2.これまでは、瑕疵担保責任は法定責任という前提があったため、そこにおける損害賠償は信頼利益(現実に発生した損害)のみが対象になると考えられていたが、改正民法では、通常の債務不履行と異ならないから、逸失利益(得べかりし利益)も対象になる。
などの違いが導かれるのです。

そして、ここが重要な点なのですが、「瑕疵」という用語は、国民一般からは理解しにくい用語ですし、従来から判例上「瑕疵」は「契約の内容に適合しないこと」と解釈されていたところ(最判平成22.6.1、最判平成25.3.22)、「瑕疵」という用語では、当事者が目的物上のキズを問題にしていなくとも客観的にキズがあれば売主に責任が発生するなどいう誤解を招くおそれもあるので、積極的に使わないとの決断がなされ、民法典からは一掃されてしまったのです(「一問一答 民法(債権関係)改正」(275頁)参照)。

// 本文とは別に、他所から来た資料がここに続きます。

Lemma cabs_Dn_le n b x : cabs (Dn n b x) <= dbound mz b.
Proof. by have := Dn_le_dbound n x mz b; rewrite xpow_mzero normr1 mul1r. Qed.

Lemma Dn_partial n b j : is_partial j (Dn n b) (Dn n (mincr b j)).
Proof. by case: (phiD n). Qed.

Lemma Dn_taylor n b j x u :
  cabs (Dn n b (x + u *: unitv R j) - Dn n b x - (u%:C)%C * Dn n (mincr b j) x)
    <= 4 * dbound mz (mincr (mincr b j) j) * u ^+ 2.
Proof.
by apply: partial_taylor_le (Dn_partial _ _ _) (Dn_partial _ _ _) _ => y; exact: cabs_Dn_le.
Qed.

Lemma Dn_cvg b x : exists L, cvgC (fun n => Dn n b x) L.
Proof.
elim/mindex_ind: b x => [|b j IH] x.
  have [L HL] := phi_cvg x; exists L => e /HL [N HN].
  by exists N => n /HN; rewrite (phiD n).1.
apply/cauchyC_cvg/(cauchyC_of_taylor (u := fun r n => Dn n b (x + r *: unitv R j))
  (K := 4 * dbound mz (mincr (mincr b j) j))).
- by rewrite mulr_ge0 ?dbound_ge0.
- by move=> r; exact: IH.
- by move=> n r; rewrite scale0r addr0; exact: Dn_taylor.
Qed.

Definition Dlim b x : C := proj1_sig (cid (Dn_cvg b x)).

Lemma Dlim_cvg b x : cvgC (fun n => Dn n b x) (Dlim b x).
Proof. exact: proj2_sig (cid (Dn_cvg b x)). Qed.

Lemma Dlim_le_dbound x a b : `|xpow x a| * cabs (Dlim b x) <= dbound a b.
Proof. exact: cvgC_le (Dlim_cvg b x) (normr_ge0 _) (fun n => Dn_le_dbound n x a b). Qed.
(* Part 1 uses only [x''] and not [lo >= 0]. *)
Theorem proposition10 (n : nat) (hn : (2 <= n)%nat) :
  (* Part 1 *)
  (forall (A : nat -> R) (lo hi : Rbar) (x : R -> R) (beta : nat -> R -> R),
     A n = 1 ->
     Rbar_le (Finite 0) lo -> Rbar_lt lo hi ->
     (forall k a, in_interval lo hi a -> ex_derive_n x k a) ->
     (forall a, in_interval lo hi a -> Derive x a <> 0) ->
     beta_system n A x beta (in_interval lo hi) ->
     forall a y pa py, in_interval lo hi a ->
       PB (Hf x) (S1f n A beta x) a y pa py = 0)
  /\
  (* Part 2 *)
  (forall (A : nat -> R) (r eps xi : nat -> R) (s : nat -> nat -> R)
          (lo hi : Rbar),
     A n = 1 ->
     (forall t, sumR 0 n (fun k => A k * t ^ k) = prodR 1 n (fun i => t - r i)) ->
     (forall i j, (1 <= i <= n)%nat -> (1 <= j <= n)%nat -> i <> j -> r i <> r j) ->
     (* sigma^i_m defined by prod_{l<>i}(t - a_l) = sum_{m=0}^{n-1} (-1)^m sigma^i_m t^{n-1-m} *)
     (forall i t, (1 <= i <= n)%nat ->
        prodR 1 n (fun l => if Nat.eqb l i then 1 else t - r l) =
        sumR 0 (n - 1) (fun m => (-1) ^ m * s i m * t ^ (n - 1 - m))) ->
     (forall i, (1 <= i <= n)%nat -> eps i = 1 \/ eps i = -1) ->
     Rbar_le (Finite 0) lo -> Rbar_lt lo hi ->
     (forall i a, (1 <= i <= n)%nat -> in_interval lo hi a -> eps i * (a - r i) > 0) ->
     beta_system n A
       (fun a => sumR 1 n (fun i => xi i / sqrt (eps i * (a - r i))))
       (fun k a => sumR 1 n (fun i => xi i / sqrt (eps i * (a - r i)) * s i (k - 1)%nat))
       (in_interval lo hi)).
Proof.
  split.
  - intros A lo hi x beta HAn _ _ Hx Hx' Hsys a y pa py Ha.
    exact (PB_Hf_S1_eq_0 n A x beta _ a y pa py ltac:(lia) HAn Ha (Hx' a Ha) (Hx 2%nat a Ha) Hsys).
  - intros A r eps xi s lo hi HAn HF _ Hs _ _ _ Hpos.
    exact (beta_system_inv_sqrt n A r eps xi s _ ltac:(lia) HAn HF Hs Hpos).
Qed.
Lemma count_below_swap (q : pred nat) (a b k : nat) : q a -> ~~ q b ->
  count_below (fun x => (q x && (x != a)) || (x == b)) k
  = count_below q k - (a < k) + (b < k).
Proof.
move=> qa nqb; have ab : (a == b) = false by apply/negbTE; apply: contraNneq nqb => <-.
elim: k => [|k IH] //; rewrite !count_belowS IH !ltnS (leq_eqVlt a) (leq_eqVlt b).
have pos : a < k -> 0 < count_below q k.
  by move=> /(leq_count_below q); rewrite count_belowS qa; lia.
case: (eqVneq k a) => [->|_]; first by rewrite ltnn qa ab eq_sym ab /=; lia.
case: (eqVneq k b) => [->|_]; first by rewrite (negbTE nqb) /=; lia.
by rewrite /= andbT orbF; case: (q k) => /=; lia.
Qed.

Lemma nth_rcons_shift n (ys : n.-tuple orient) i j : i <= n -> j <= n ->
  nth Sym (rcons (shift i ys) (nth Sym ys (i %% n))) j = nth Sym ys ((i + j) %% n).
Proof.
move=> i_le j_le; rewrite nth_rcons size_rot size_tuple.
case: (ltngtP j n) => [j_lt | j_gt | ->]; [ | lia | by rewrite modnDr].
rewrite /shift /rot nth_cat size_drop size_tuple.
case: ltnP => j_i.
  by rewrite nth_drop modn_small //; lia.
rewrite nth_take; last lia.
have -> : i + j = j - (n - i) + n by lia.
by rewrite modnDr modn_small //; lia.
Qed.

Lemma card_pred_iota m (m_gt0 : 0 < m) (P : pred 'I_m) :
  #|[pred e | P e]| = count (fun k => P (ordmod m_gt0 k)) (iota 0 m).
Proof.
rewrite cardE /enum_mem size_filter -enumT -val_enum_ord count_map.
by apply: eq_count => x /=; rewrite ordmodK.
Qed.

Section Monotone.
Variables (m n : nat) (xs : m.-tuple orient) (ys : n.-tuple orient).
Hypotheses (m_gt0 : 0 < m) (n_gt2 : 2 < n).
Let n_gt0 : 0 < n := ltnW (ltnW n_gt2).

(* Every map in Mon_1(C,D;s) has this form, [q] being its set of increasing
   edges. *)
Definition stair (s : nat) (q : pred nat) : 'I_m -> 'I_n :=
  fun u => ordmod n_gt0 (s + count_below q u).

Definition inc_set (phi : 'I_m -> 'I_n) : pred nat :=
  fun k => inc_edge phi (ordmod m_gt0 k).

Definition mon_edges (s : nat) (q : pred nat) : Prop :=
  count_below q m = n /\
  forall e, e < m -> q e ->
    orient_le (nth Sym xs e) (nth Sym ys ((s + count_below q e) %% n)).

Lemma is_hom_monP (phi : 'I_m -> 'I_n) :
  (forall e, inc_edge phi e || stat_edge phi e) ->
  is_hom xs ys phi <->
  forall e, inc_edge phi e -> orient_le (nth Sym xs e) (nth Sym ys (phi e)).
Proof.
move=> inc_stat; split=> [hom e /eqP inc | orient u v].
  have nS := ordS_neq n_gt2 (phi e); have nSS := ordSS_neq n_gt2 (phi e).
  apply/andP; split; apply/implyP => arc.
  - have /hom : carc xs e (ordS e) by rewrite /carc eqxx arc orbT.
    by rewrite inc /carc (negbTE nS) (negbTE nSS) eqxx /= => /orP[] // /andP[].
  - have /hom : carc xs (ordS e) e by rewrite /carc eqxx arc !orbT.
    by rewrite inc /carc eq_sym (negbTE nS) (negbTE nSS) eqxx.
rewrite /carc => /or3P[/eqP-> | /andP[/eqP-> fwd] | /andP[/eqP-> bwd]].
- by rewrite eqxx.
- case/orP: (inc_stat u) => [inc | /eqP->]; last by rewrite eqxx.
  by move/andP: (orient u inc) => [/implyP/(_ fwd) -> _]; rewrite (eqP inc) eqxx orbT.
- case/orP: (inc_stat v) => [inc | /eqP->]; last by rewrite eqxx.
  by move/andP: (orient v inc) => [_ /implyP/(_ bwd) ->]; rewrite (eqP inc) eqxx !orbT.
Qed.

Lemma dec_edge_incstat (phi : 'I_m -> 'I_n) e :
  inc_edge phi e || stat_edge phi e -> dec_edge phi e = false.
Proof.
by case/orP=> /eqP E; rewrite /dec_edge E; apply/negbTE; [apply: ordSS_neq | apply: ordS_neq].
Qed.

Lemma stat_edge_not_inc (phi : 'I_m -> 'I_n) e : stat_edge phi e -> ~~ inc_edge phi e.
Proof. by move=> /eqP stat; rewrite /inc_edge stat (ordS_neq n_gt2). Qed.

Lemma wind_one_incstat (phi : 'I_m -> 'I_n) :
  (forall e, inc_edge phi e || stat_edge phi e) ->
  wind_one phi <-> count_below (inc_set phi) m = n.
Proof.
move=> inc_stat; rewrite /wind_one (@eq_card0 _ [pred e | dec_edge phi e]) ?addn0.
  by rewrite card_pred_iota.
by move=> e; rewrite !inE dec_edge_incstat.
Qed.

Lemma stair_ordS s q (e : 'I_m) : count_below q m = n ->
  stair s q (ordS e) = ordmod n_gt0 (s + count_below q e + q e).
Proof.
move=> qm; rewrite /stair /=; case: (ltnP e.+1 m) => e_lt.
  by rewrite modn_small // count_belowS addnA.
have e_last : e.+1 = m by have := ltn_ord e; lia.
by rewrite e_last modnn -addnA -count_belowS e_last qm addn0 ordmodDr.
Qed.

Lemma inc_edge_stair s q (e : 'I_m) : count_below q m = n ->
  inc_edge (stair s q) e = q e.
Proof.
move=> qm; rewrite /inc_edge stair_ordS // ordS_ordmod -val_eqE /=.
case: (q e); first by rewrite addn1 eqxx.
by rewrite addn0 eq_sym -addn1 eqn_modDr_small //; lia.
Qed.
(* Let $H$ be a Hardy field, $f\in H^\times$, $g\in H$, and consider $A(y)=fy''+f'y'+gy$. Suppose that some (equivalently every) germ $F\in\mathcal C^1$ with $F'=f^{-1}$ satisfies $F>\mathbb R$, and some (equivalently every) germ $G\in\mathcal C^1$ with $G'=g$ satisfies $G>\mathbb R$. Then $A(y)=0$ for some oscillating $y\in\mathcal C^{<\infty}$.
   Context: Germs at $+\infty$; $\mathcal C^n$ germs of $n$-times continuously differentiable real functions on intervals $(a,+\infty)$, $\mathcal C^{<\infty}=\bigcap_n\mathcal C^n$. A Hardy field is a subfield of $\mathcal C^{<\infty}$ closed under derivation. For germs, $F>\mathbb R$ means $F(t)\to+\infty$ as $t\to+\infty$. A germ $y$ oscillates if $y(t)=0$ for arbitrarily large $t$ and $y(t)\neq0$ for arbitrarily large $t$. *)

From Stdlib Require Import Reals.
From Coquelicot Require Import Coquelicot.
Open Scope R_scope.

Definition eventually_R (P : R -> Prop) : Prop :=
  exists a : R, forall t : R, a < t -> P t.

Definition germ_eq (f g : R -> R) : Prop := eventually_R (fun t => f t = g t).

Definition CnOn (n : nat) (a : R) (f : R -> R) : Prop :=
  forall t : R, a < t ->
    (forall k : nat, (k < n)%nat -> ex_derive (Derive_n f k) t) /\
    continuous (Derive_n f n) t.

Definition germ_Cn (n : nat) (f : R -> R) : Prop := exists a : R, CnOn n a f.

Definition germ_Cinf (f : R -> R) : Prop := forall n : nat, germ_Cn n f.

(* Hardy field: a set of germs (represented as a predicate on representatives,
   saturated under germ equality) which is a subfield of the ring of germs
   C^{<oo} and closed under derivation. *)
Record HardyField (H : (R -> R) -> Prop) : Prop := {
  hf_saturated : forall f g, H f -> germ_eq f g -> H g;
  hf_Cinf : forall f, H f -> germ_Cinf f;
  hf_zero : H (fun _ => 0);
  hf_one : H (fun _ => 1);
  hf_add : forall f g, H f -> H g -> H (fun t => f t + g t);
  hf_opp : forall f, H f -> H (fun t => - f t);
  hf_mul : forall f g, H f -> H g -> H (fun t => f t * g t);
  hf_inv : forall f, H f -> ~ germ_eq f (fun _ => 0) ->
             exists g, H g /\ germ_eq (fun t => f t * g t) (fun _ => 1);
  hf_der : forall f, H f -> H (Derive f)
}.

Definition tends_to_pinfty (F : R -> R) : Prop :=
  forall M : R, eventually_R (fun t => M < F t).

Definition oscillates (y : R -> R) : Prop :=
  (forall a : R, exists t, a < t /\ y t = 0) /\
  (forall a : R, exists t, a < t /\ y t <> 0).

From Stdlib Require Import Reals Lra Lia Classical.
From Coquelicot Require Import Coquelicot.
Open Scope R_scope.

(* With [h = 1 / f] in [H], the equation reads [(f y')' + g y = 0], i.e. it is the system
   [y' = h v, v' = - g y].  As [F' = h] tends to [+oo] and [h] has no zeros, [h > 0] on a tail.
   The system has a solution there (Picard iteration, which is a contraction for the sup norm
   weighted by [exp (2 K (t - t0))]), and it is smooth because [h] and [g] are.  Its first
   component has arbitrarily large zeros by Leighton's argument: since [F, G -> +oo], the
   Riccati function [w = v / y] cannot exist on a tail.  It is not eventually zero, since its
   Wronskian with the solution of initial data [(0, 1)] is [1]. *)

Lemma locally_gt (a t : R) : a < t -> locally t (fun x => a < x).
Proof. intro Ht. apply (locally_open (fun x => a < x)); [apply open_gt | now intros | exact Ht]. Qed.

Lemma continuous_Rmax_l (c x : R) : continuous (fun t => Rmax t c) x.
Proof.
  apply (continuous_ext (fun t => (t + c + Rabs (t - c)) / 2)).
  - intro t. unfold Rmax, Rabs; destruct (Rle_dec t c), (Rcase_abs (t - c)); lra.
  - apply (continuous_scal_l (fun t => t + c + Rabs (t - c)) (/ 2)).
    apply (continuous_plus (fun t => t + c) (fun t => Rabs (t - c))).
    + apply (continuous_plus (fun t => t) (fun _ => c)); [apply continuous_id | apply continuous_const].
    + apply continuous_Rabs_comp, (continuous_minus (fun t => t) (fun _ => c));
        [apply continuous_id | apply continuous_const].
Qed.

Lemma le_of_derive_nonneg (f df : R -> R) (a b : R) : a <= b ->
  (forall x, a <= x <= b -> is_derive f x (df x)) ->
  (forall x, a <= x <= b -> 0 <= df x) -> f a <= f b.
Proof.
  intros Hab Hd Hpos.
  destruct (MVT_gen f a b df) as [c [Hc Heq]];
    rewrite ?Rmin_left, ?Rmax_right in * by lra.
  - intros x Hx. apply Hd. lra.
  - intros x Hx. apply continuity_pt_filterlim, (ex_derive_continuous (V := R_NormedModule)).
    exists (df x). apply Hd. exact Hx.
  - specialize (Hpos c Hc). nra.
Qed.

Lemma abs_sub_le_of_derive (phi dphi psi dpsi : R -> R) (a b : R) : a <= b ->
  (forall x, a <= x <= b ->
     is_derive phi x (dphi x) /\ is_derive psi x (dpsi x) /\ Rabs (dphi x) <= dpsi x) ->
  Rabs (phi b - phi a) <= psi b - psi a.
Proof.
  intros Hab Hx.
  assert (Hminus : psi a - phi a <= psi b - phi b).
  { apply (le_of_derive_nonneg (fun x => psi x - phi x) (fun x => dpsi x - dphi x)); auto.
    - intros x Hab'. destruct (Hx x Hab') as (Dphi & Dpsi & _).
      now apply (is_derive_minus psi phi).
    - intros x Hab'. destruct (Hx x Hab') as (_ & _ & Hle).
      pose proof (Rle_abs (dphi x)). lra. }
  assert (Hplus : psi a + phi a <= psi b + phi b).
  { apply (le_of_derive_nonneg (fun x => psi x + phi x) (fun x => dpsi x + dphi x)); auto.
    - intros x Hab'. destruct (Hx x Hab') as (Dphi & Dpsi & _).
      now apply (is_derive_plus psi phi).
    - intros x Hab'. destruct (Hx x Hab') as (_ & _ & Hle).
      pose proof (Rle_abs (- dphi x)). rewrite Rabs_Ropp in *. lra. }
  apply Rabs_le. lra.
Qed.

Lemma pow_half_pos (n : nat) : 0 < (/ 2) ^ n.
Proof. apply pow_lt; lra. Qed.

Lemma geom_half_lt (c eps : R) : 0 < eps -> exists N, c * (/ 2) ^ N < eps.
Proof.
  intro Heps.
  assert (Hlim : is_lim_seq (fun n => c * (/ 2) ^ n) 0).
  { replace (Finite 0) with (Rbar_mult c 0) by (simpl; f_equal; ring).
    apply is_lim_seq_scal_l, is_lim_seq_geom. rewrite Rabs_pos_eq; lra. }
  apply is_lim_seq_spec in Hlim. destruct (Hlim (mkposreal _ Heps)) as [N HN].
  exists N. specialize (HN N (le_n N)). simpl in HN.
  pose proof (Rle_abs (c * (/ 2) ^ N - 0)). lra.
Qed.

Lemma eq_0_of_abs_le_geom (x c : R) : (forall n, Rabs x <= c * (/ 2) ^ n) -> x = 0.
Proof.
  intro Hx. destruct (Req_dec x 0) as [|Hneq]; auto.
  destruct (geom_half_lt c (Rabs x)) as [N HN]; [now apply Rabs_pos_lt|].
  specialize (Hx N). lra.
Qed.

Lemma abs_sub_le_of_geom_steps (u : nat -> R) (c : R) :
  (forall n, Rabs (u (S n) - u n) <= c * (/ 2) ^ n) ->
  forall n m, Rabs (u (n + m)%nat - u n) <= 2 * c * ((/ 2) ^ n - (/ 2) ^ (n + m)).
Proof.
  intros Hstep n m. induction m as [|m IH].
  - rewrite Nat.add_0_r, Rminus_diag, Rabs_R0. lra.
  - rewrite Nat.add_succ_r.
    replace (u (S (n + m)) - u n) with ((u (S (n + m)) - u (n + m)%nat) + (u (n + m)%nat - u n))
      by ring.
    eapply Rle_trans; [apply Rabs_triang|].
    pose proof (Hstep (n + m)%nat). simpl pow. lra.
Qed.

ですから、上記の条文で、「本件物件に下記(1)ないし(4)の瑕疵があるなど」とか、「当該瑕疵の修補等、履行の追完を催告し」とか「前記瑕疵を発見したとき」とか、「瑕疵」という用語を使うのは、民法改正の趣旨をよくわかっていないと言わざるを得ないと思うのです。私としては「欠陥」とか「不適合」とかもっと現代的な言い回しにした方がいいと思います。

とうわけで、上記の法友全期会の本については、どうして多くの弁護士が関与しながら、このような記載がのこってしまったのか不思議に思います。
ただ、いずれにしても、改正民法は2020年4月1日から施行されますので、クライアントの皆様にとっては、契約書式の見直しが急務になりますね。